Beratertipp der Kanzlei Baker Tilly: Die richtige Struktur entscheidet über Handlungsfreiheit
Viele mittelständische Unternehmen sind über Jahrzehnte erfolgreich gewachsen. Ihre Unternehmensstruktur hingegen entstand dabei häufig historisch – vom Einzelunternehmen über die GmbH bis hin zu ergänzten Immobilien oder Beteiligungen. Ob diese Struktur noch zur heutigen und zukünftigen Strategie passt, wird selten bewusst hinterfragt. „Die Rechts- und Vermögensstruktur ist keine reine Steuerfrage, sondern eine unternehmerische Grundsatzentscheidung“, sagt Diplom-Finanzwirt Matthias Winkler, Steuerberater und Partner im Regensburger Büro der multidisziplinären Kanzlei Baker Tilly.
In der Praxis zeigt sich häufig, dass operatives Geschäft, Immobilien, Maschinen, liquide Mittel und Beteiligungen in einer Gesellschaft oder sogar im Privatvermögen gebündelt sind. Solange das Geschäft läuft, fällt das kaum auf.

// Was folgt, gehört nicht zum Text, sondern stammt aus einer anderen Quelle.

(* Let $f\in K$ have degree $n$. Then $f$ is quasi-symmetric if and only if $A_{\mathbf a^{(k)}}f=f$ for all $1\le k\le n$.
   Context: $K$ is the ring of integer formal power series of bounded degree in $x_1,x_2,\dots$. $f$ is quasi-symmetric if the coefficient of $x_{i_1}^{a_1}\cdots x_{i_k}^{a_k}$ equals that of $x_{j_1}^{a_1}\cdots x_{j_k}^{a_k}$ whenever $i_1<\dots<i_k$ and $j_1<\dots<j_k$. For a strictly increasing sequence $\mathbf a=(1\le a_1<a_2<\cdots)$ of positive integers, $A_{\mathbf a}:K\to K$ is the algebra homomorphism $A_{\mathbf a}f=f(0,\dots,0,x_1,0,\dots,0,x_2,0,\dots)$ with $x_i$ placed in position $a_i$ (i.e. substitute $x_{a_i}\mapsto x_i$ and all other variables $\mapsto0$). For an integer $k\ge1$, $\mathbf a^{(k)}$ is the sequence with $a^{(k)}(i)=i$ for $i<k$ and $a^{(k)}(i)=i+1$ for $i\ge k$. *)

From mathcomp Require Import all_boot all_order all_algebra.
Set Implicit Arguments. Unset Strict Implicit. Unset Printing Implicit Defensive.
Import GRing.Theory Num.Theory.

(* Variables are x_1, x_2, ... (1-based).  An exponent vector is a function
   e : nat -> nat; e i is the exponent of x_i.  A genuine monomial has
   e 0 = 0 (there is no x_0) and finite support. *)
Definition expo := nat -> nat.

Definition is_monomial (e : expo) : Prop :=
  e 0%N = 0%N /\ exists N : nat, forall i, (N < i)%N -> e i = 0%N.

Definition mdeg_le (e : expo) (d : nat) : Prop :=
  forall N : nat, (\sum_(i < N) e i <= d)%N.

Definition mdeg_eq (e : expo) (d : nat) : Prop :=
  mdeg_le e d /\ exists N : nat, (\sum_(i < N) e i)%N = d.

Definition series := expo -> int.

Definition in_K (f : series) : Prop :=
  (forall e, ~ is_monomial e -> f e = 0%R) /\
  exists d : nat, forall e, f e <> 0%R -> mdeg_le e d.

Definition has_degree (f : series) (n : nat) : Prop :=
  (forall e, f e <> 0%R -> mdeg_le e n) /\
  ((exists e, f e <> 0%R) -> exists e, f e <> 0%R /\ mdeg_eq e n).

Definition incr_upto (k : nat) (i : nat -> nat) : Prop :=
  (0 < k -> 1 <= i 1%N)%N /\ forall l, (1 <= l)%N -> (l < k)%N -> (i l < i l.+1)%N.

(* exponent vector of x_{i_1}^{c_1} ... x_{i_k}^{c_k} *)
Definition mono_of (k : nat) (i c : nat -> nat) : expo :=
  fun p => (\sum_(1 <= l < k.+1 | i l == p) c l)%N.

Definition quasi_symmetric (f : series) : Prop :=
  forall (k : nat) (c i j : nat -> nat),
    incr_upto k i -> incr_upto k j -> f (mono_of k i c) = f (mono_of k j c).

Definition incr_seq (a : nat -> nat) : Prop :=
  (1 <= a 1%N)%N /\ forall l, (1 <= l)%N -> (a l < a l.+1)%N.

(* Preimage of an exponent vector m under x_{a_i} |-> x_i (other variables
   |-> 0): the coefficient of x^m in A_a f is the coefficient in f of x^e with
   e (a_i) = m i and e zero off the range of a.  (Position 0 is copied so that
   non-monomials are sent to non-monomials.) *)
Definition push (a : nat -> nat) (m : expo) : expo :=
  fun j => if j == 0%N then m 0%N
           else (\sum_(1 <= i < j.+1 | a i == j) m i)%N.

Definition A_op (a : nat -> nat) (f : series) : series :=
  fun m => f (push a m).

Definition a_k (k : nat) : nat -> nat :=
  fun i => if (i < k)%N then i else i.+1.

From mathcomp Require Import all_boot all_order all_algebra.
From mathcomp Require Import zify.
From Stdlib Require Import FunctionalExtensionality Classical.
Set Implicit Arguments. Unset Strict Implicit.

(* The coefficient of x_{i_1}^{c_1} ... x_{i_k}^{c_k} in A_a f is the
   coefficient of x_{a(i_1)}^{c_1} ... x_{a(i_k)}^{c_k} in f, so a
   quasi-symmetric f is fixed by every A_a.  Conversely, zero exponents can be
   dropped, and then a monomial with a nonzero coefficient has k <= n.  If i is
   not the identity on 1..k and g is the first index it moves, then
   i = a^(g) o i' for an increasing i' with i'_k = i_k - 1 and g <= k <= n;
   induction on i_k reduces every index sequence to 1, ..., k. *)

Lemma incr_upto_gap K i a b : incr_upto K i -> 1 <= a -> a <= b -> b <= K ->
  i a + (b - a) <= i b.
Proof.
move=> [_ i_incr] a_pos; elim: b => [|b IHb] ab bK; first lia.
case: (ltngtP a b.+1) ab => // [ab _|<- _]; last by rewrite subnn addn0.
have := i_incr b; have := IHb ab; lia.
Qed.

Lemma incr_upto_ge K i l : incr_upto K i -> 1 <= l <= K -> l <= i l.
Proof.
move=> iK /andP[l_pos lK]; have := incr_upto_gap iK (leqnn 1) l_pos lK.
have := proj1 iK; lia.
Qed.

Lemma incr_seq_incr_upto a K : incr_seq a -> incr_upto K a.
Proof.
by move=> [a1 a_incr]; split=> [_ | l l_pos _]; [exact: a1 | exact: a_incr].
Qed.

Lemma incr_upto_comp M K i a : incr_upto M i -> incr_upto K a -> a K <= M ->
  incr_upto K (i \o a).
Proof.
move=> iM aK aKM.
have a_range l : 1 <= l <= K -> 1 <= a l <= M.
  move=> /[dup] lK /andP[l_pos l_le].
  have := incr_upto_gap aK l_pos l_le (leqnn K); have := incr_upto_ge aK lK; lia.
split=> [K_pos | l l_pos lK] /=.
  have a1 := a_range 1 K_pos; have := incr_upto_ge iM a1; have := proj1 iM; lia.
have al_lt := (proj2 aK) l l_pos lK.
have /andP[al_pos _] : 1 <= a l <= M by apply: a_range; lia.
have /andP[_ al1_le] : 1 <= a l.+1 <= M by apply: a_range; lia.
have := incr_upto_gap iM al_pos (ltnW al_lt) al1_le; lia.
Qed.

Lemma incr_seq_gap a r q : incr_seq a -> 1 <= r -> r <= q -> a r + (q - r) <= a q.
Proof.
by move=> aS r_pos rq; apply: incr_upto_gap (incr_seq_incr_upto q aS) r_pos rq _.
Qed.

Lemma incr_seq_eq a r q : incr_seq a -> 1 <= r -> 1 <= q -> (a r == a q) = (r == q).
Proof.
move=> aS r_pos q_pos; apply/eqP/eqP => [arq | -> //].
case: (ltngtP r q) => // [rq | qr].
  by have := incr_seq_gap aS r_pos (ltnW rq); lia.
by have := incr_seq_gap aS q_pos (ltnW qr); lia.
Qed.

Lemma incr_seq_a_k k : 1 <= k -> incr_seq (a_k k).
Proof.
rewrite /a_k => k_pos; split=> [|l _]; first by case: ifP.
by case: (ltnP l k) => lk; case: (ltnP l.+1 k) => lk1; lia.
Qed.

Lemma incr_upto_fixed K i : incr_upto K i ->
  (forall l, 1 <= l <= K -> i l <= l) -> forall l, 1 <= l <= K -> i l = l.
Proof.
by move=> iK i_le l lK; apply/eqP; rewrite eqn_leq i_le // (incr_upto_ge iK lK).
Qed.

Lemma incr_upto_factor_a_k K i l0 : incr_upto K i -> 1 <= l0 <= K -> l0 < i l0 ->
  exists g i', [/\ 1 <= g <= K, incr_upto K i', i' K < i K &
                   forall l, 1 <= l <= K -> i l = a_k g (i' l)].
Proof.
move=> iK l0K l0_moved.
have moved : exists l, (1 <= l <= K) && (l < i l) by exists l0; rewrite l0K.
case: (ex_minnP moved) => g /andP[gK g_moved] g_min.
have fixed_below l : 1 <= l < g -> i l = l.
  move=> lg; have lK : 1 <= l <= K by lia.
  apply/eqP; rewrite eqn_leq (incr_upto_ge iK lK) andbT leqNgt.
  by apply/negP => l_moved; have := g_min l; rewrite lK l_moved; lia.
have moved_above l : g <= l <= K -> g < i l.
  by move=> lK; have := @incr_upto_gap K i g l iK; lia.
pose i' l := if l < g then l else (i l).-1.
exists g, i'; split=> //.
- split=> [K_pos | l l_pos lK]; rewrite /i'.
    by case: (ltnP 1 g) => // g_le1; have := moved_above 1; lia.
  have := (proj2 iK) l l_pos lK.
  have := moved_above l; have := moved_above l.+1.
  by case: (ltnP l g) => lg; case: (ltnP l.+1 g) => l1g; lia.
- rewrite /i'; have -> : (K < g) = false by lia.
  by have := @incr_upto_ge K i K iK; lia.
- move=> l lK; rewrite /i' /a_k; case: (ltnP l g) => lg.
    by rewrite lg fixed_below //; lia.
  by have := moved_above l; case: (ltnP (i l).-1 g); lia.
Qed.

Lemma eq_mono_of K i j c : (forall l, 1 <= l <= K -> i l = j l) ->
  mono_of K i c = mono_of K j c.
Proof.
move=> eq_ij; apply: functional_extensionality => p.
rewrite /mono_of big_mkcond [RHS]big_mkcond /=.
by apply: eq_big_nat => l lK; rewrite eq_ij //; lia.
Qed.

Lemma mono_of_id N m : m 0 = 0 -> (forall p, N < p -> m p = 0) ->
  mono_of N id m = m.
Proof.
move=> m0 m_supp; apply: functional_extensionality => p.
rewrite /mono_of big_nat1_eq; case: ifP => // p_out.
case: (posnP p) => [->|p_pos]; first by rewrite m0.
by rewrite m_supp //; lia.
Qed.

Lemma sum_mono_of K i c N : incr_upto K i -> i K < N ->
  \sum_(p < N) mono_of K i c p = \sum_(1 <= l < K.+1) c l.
Proof.
move=> iK iKN; rewrite -(big_mkord xpredT) /mono_of.
under eq_bigr => p _ do rewrite big_mkcond.
rewrite exchange_big_nat; apply: eq_big_nat => l lK /=.
under eq_bigr => p _ do rewrite eq_sym.
rewrite -big_mkcond big_nat1_eq /=.
have := @incr_upto_gap K i l K iK; case: ifP => //; lia.
Qed.

Lemma sum_nat_a_k K l0 (F : nat -> nat) : 1 <= l0 <= K.+1 ->
  \sum_(1 <= l < K.+2) F l = F l0 + \sum_(1 <= l < K.+1) F (a_k l0 l).
Proof.
elim: K => [|K IHK] l0K.
  have -> : l0 = 1 by lia.
  by rewrite big_nat1 big_geq ?addn0.
case: (ltnP l0 K.+2) => l0_le.
  rewrite big_nat_recr // [in RHS]big_nat_recr //= addnA IHK; last lia.
  by rewrite /a_k ltnNge -ltnS l0_le.
have -> : l0 = K.+2 by lia.
rewrite big_nat_recr // addnC; congr (_ + _); apply: eq_big_nat => l lK.
by rewrite /a_k; case: ifP; lia.
Qed.

Lemma mono_of_drop K l0 i c : 1 <= l0 <= K.+1 -> c l0 = 0 ->
  mono_of K.+1 i c = mono_of K (i \o a_k l0) (c \o a_k l0).
Proof.
move=> l0K c0; apply: functional_extensionality => p.
by rewrite /mono_of big_mkcond [RHS]big_mkcond /= (sum_nat_a_k _ l0K) c0 if_same.
Qed.

Lemma drop_zero_exponents K c : exists K' a c',
  [/\ incr_upto K' a, a K' <= K, forall l, 1 <= l <= K' -> 0 < c' l &
      forall i, mono_of K i c = mono_of K' (i \o a) c'].
Proof.
elim: K c => [|K IHK] c; first by exists 0, id, c; split=> // l; lia.
case: (boolP (has (fun l => c l == 0) (iota 1 K.+1))); last first.
  move=> /hasPn c_pos; exists K.+1, id, c; split=> // l lK.
  by have := c_pos l; rewrite mem_iota; lia.
move=> /hasP[l0]; rewrite mem_iota => l0K /eqP c0.
have [K' [a [c' [aK' aK'K c'_pos mono_eq]]]] := IHK (c \o a_k l0).
exists K', (a_k l0 \o a), c'; split=> //.
- apply: incr_upto_comp aK' _ => //; apply: incr_seq_incr_upto; apply: incr_seq_a_k; lia.
- by rewrite /= /a_k; case: ifP; lia.
- by move=> i; rewrite (mono_of_drop _ _ c0) ?mono_eq //; lia.
Qed.

Lemma push_at a m q : incr_seq a -> 1 <= q -> push a m (a q) = m q.
Proof.
move=> aS q_pos; have := incr_seq_gap aS (leqnn 1) q_pos; have := proj1 aS.
rewrite /push; case: eqP => [|_ aq_pos a_ge]; first lia.
rewrite big_nat_cond (eq_bigl (pred1 q)) ?big_nat1_eq; first by case: ifP; lia.
move=> r /=; case: (posnP r) => [->|r_pos]; first lia.
by rewrite incr_seq_eq //; case: eqP => [->|]; lia.
Qed.

Lemma push_mono_of a K i c : incr_seq a -> incr_upto K i ->
  push a (mono_of K i c) = mono_of K (a \o i) c.
Proof.
move=> aS iK; apply: functional_extensionality => p.
have i_pos l : 1 <= l <= K -> 1 <= i l by move=> lK; have := incr_upto_ge iK lK; lia.
have a_ge q : 1 <= q -> q <= a q.
  by move=> q_pos; have := incr_seq_gap aS (leqnn 1) q_pos; have := proj1 aS; lia.
rewrite /push /mono_of big_mkcond [RHS]big_mkcond /=; case: eqP => [->|p_pos].
  rewrite big_mkcond /=; apply: eq_big_nat => l lK.
  by have := i_pos l lK; have := a_ge (i l); do 2 case: eqP; lia.
under eq_bigr => q _ do rewrite big_mkcond.
rewrite exchange_big_nat /=; apply: eq_big_nat => l lK.
rewrite big_mkcond (eq_bigr (fun q => if q == i l then
  (if a q == p then c l else 0) else 0)) => [|q _]; last first.
  by rewrite [i l == q]eq_sym; case: (q == i l); case: (a q == p).
rewrite -big_mkcond big_nat1_eq.
by have := i_pos l lK; have := a_ge (i l); case: ifP; case: eqP; lia.
Qed.

Lemma is_monomial_push a m : incr_seq a -> is_monomial (push a m) -> is_monomial m.
Proof.
move=> aS [m0 [N supp]]; split; first by move: m0; rewrite /push.
exists N => q Nq; have q_pos : 1 <= q by lia.
rewrite -(push_at m aS q_pos); apply: supp.
by have := incr_seq_gap aS (leqnn 1) q_pos; have := proj1 aS; lia.
Qed.

Lemma A_op_quasi_symmetric f a : (forall e, ~ is_monomial e -> f e = 0%R) ->
  quasi_symmetric f -> incr_seq a -> A_op a f = f.
Proof.
move=> f_supp f_qs aS; apply: functional_extensionality => m; rewrite /A_op.
case: (classic (is_monomial m)) => [[m0 [N m_supp]] | m_nonmono]; last first.
  by rewrite !f_supp // => /(is_monomial_push aS).
have m_eq := mono_of_id m0 m_supp.
transitivity (f (mono_of N id m)); last by rewrite m_eq.
rewrite -{1}m_eq push_mono_of //.
by apply: f_qs; [apply: incr_seq_incr_upto | split].
Qed.

Section A_op_invariant.

Variables (f : series) (n : nat).
Hypothesis f_deg : forall e, f e <> 0%R -> mdeg_le e n.
Hypothesis f_inv : forall k, 1 <= k -> k <= n -> A_op (a_k k) f = f.

Lemma coef_mono_of_a_k K g i c : 1 <= g <= n -> incr_upto K i ->
  f (mono_of K (a_k g \o i) c) = f (mono_of K i c).
Proof.
move=> /andP[g_pos gn] iK; have aS := incr_seq_a_k g_pos.
by rewrite -push_mono_of // -[f (push _ _)]/(A_op (a_k g) f _) f_inv.
Qed.

Lemma coef_mono_of_deg_gt K i c :
  incr_upto K i -> n < \sum_(1 <= l < K.+1) c l ->
  f (mono_of K i c) = 0%R.
Proof.
move=> iK deg_gt; apply/eqP; apply: contraTT deg_gt => /eqP f_nz.
by rewrite -leqNgt -(sum_mono_of c iK (ltnSn (i K))); apply: f_deg.
Qed.

Lemma coef_mono_of_compress K i c :
  incr_upto K i -> (forall l, 1 <= l <= K -> 0 < c l) ->
  f (mono_of K i c) = f (mono_of K id c).
Proof.
move=> iK c_pos.
case: (leqP (\sum_(1 <= l < K.+1) c l) n) => [deg_le | deg_gt]; last first.
  by rewrite !coef_mono_of_deg_gt.
have Kn : K <= n.
  have : \sum_(1 <= l < K.+1) 1 <= \sum_(1 <= l < K.+1) c l.
    by rewrite big_nat_cond [leqRHS]big_nat_cond; apply: leq_sum => l /andP[/c_pos].
  by rewrite sum_nat_const_nat; lia.
have [t iKt] : exists t, i K = t by exists (i K).
elim/ltn_ind: t i iK iKt => t IHt i iK iKt.
case: (boolP (has (fun l => l < i l) (iota 1 K))) => [/hasP[l0] | /hasPn fixed].
  rewrite mem_iota => l0_range l0_moved; have l0K : 1 <= l0 <= K by lia.
  have [g [i' [gK i'K i'K_lt i_eq]]] := incr_upto_factor_a_k iK l0K l0_moved.
  rewrite (@eq_mono_of K i (a_k g \o i')) // coef_mono_of_a_k //; last by lia.
  by apply: (IHt (i' K)) => //; lia.
apply: congr1; apply: eq_mono_of; apply: incr_upto_fixed => // l lK.
by have := fixed l; rewrite mem_iota; lia.
Qed.

Lemma a_k_invariant_quasi_symmetric : quasi_symmetric f.
Proof.
move=> K c i j iK jK.
have [K' [a [c' [aK' aK'K c'_pos mono_eq]]]] := drop_zero_exponents K c.
have iaK := incr_upto_comp iK aK' aK'K; have jaK := incr_upto_comp jK aK' aK'K.
by rewrite !mono_eq !coef_mono_of_compress.
Qed.

End A_op_invariant.

Theorem lemma8p3 (f : series) (n : nat) :
  in_K f -> has_degree f n ->
  (quasi_symmetric f <->
   (forall k : nat, (1 <= k)%N -> (k <= n)%N -> A_op (a_k k) f = f)).
Proof.
move=> [f_supp _] [f_deg _]; split=> [f_qs k k_pos _ | f_inv].
  exact: A_op_quasi_symmetric (incr_seq_a_k k_pos).
exact: a_k_invariant_quasi_symmetric f_deg f_inv.
Qed.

Erst bei Investitionen, Nachfolge, Verkauf oder Krisen wird deutlich, wie eng alles miteinander verflochten ist.
Gewachsen ohne Gestaltung
Das Einzelunternehmen ist unkompliziert, birgt aber erhebliche Risiken: Unternehmer und Unternehmen sind rechtlich identisch. Haftungsrisiken treffen unmittelbar das Privatvermögen, Immobilien oder Rücklagen im Betriebsvermögen. Zwar kann bei Aufgabe oder Verkauf unter bestimmten Voraussetzungen der ermäßigte Steuersatz nach § 34 Abs. 3 EStG greifen, diese einmalige Begünstigung ersetzt jedoch keine vorausschauende Strukturplanung.
Die GmbH trennt privates und unternehmerisches Risiko, wobei operative Tätigkeit, Immobilien und Liquidität dennoch häufig unter einem Dach gebündelt werden. Gerade bei wachstumsstarken Unternehmen kann sich das zur strategischen Schwäche entwickeln, da spätere Ausschüttungen steuerlich belastet sind und ohne vorgelagerte Struktur Liquidität langfristig gebunden bleibt.
Die GmbH & Co. KG verbindet steuerliche Transparenz mit Haftungsbegrenzung und bietet große Flexibilität. In der Praxis entstehen allerdings oft komplexe Strukturen mit Sonderbetriebsvermögen oder Immobilien, die bei Verkauf, Nachfolge oder Finanzierung erklärungsbedürftig und teils schwer steuerbar sind.
Struktur folgt Strategie
Holdingstrukturen gewinnen an Bedeutung, insbesondere wegen der Möglichkeit, Beteiligungen steuerbegünstigt zu veräußern. Veräußerungsgewinne aus Kapitalgesellschaftsanteilen sind auf Ebene einer Holding-GmbH nach § 8b KStG zu 95 Prozent steuerfrei. Voraussetzung ist eine rechtzeitige Strukturierung, denn kurzfristige Lösungen „vor dem Verkauf“ bergen erhebliche Risiken.
Neben dem Verkauf ermöglicht eine Holding auch die gezielte Thesaurierung von Gewinnen für Reinvestitionen. Dem gegenüber stehen zusätzliche Verwaltungs- und Compliance-Kosten.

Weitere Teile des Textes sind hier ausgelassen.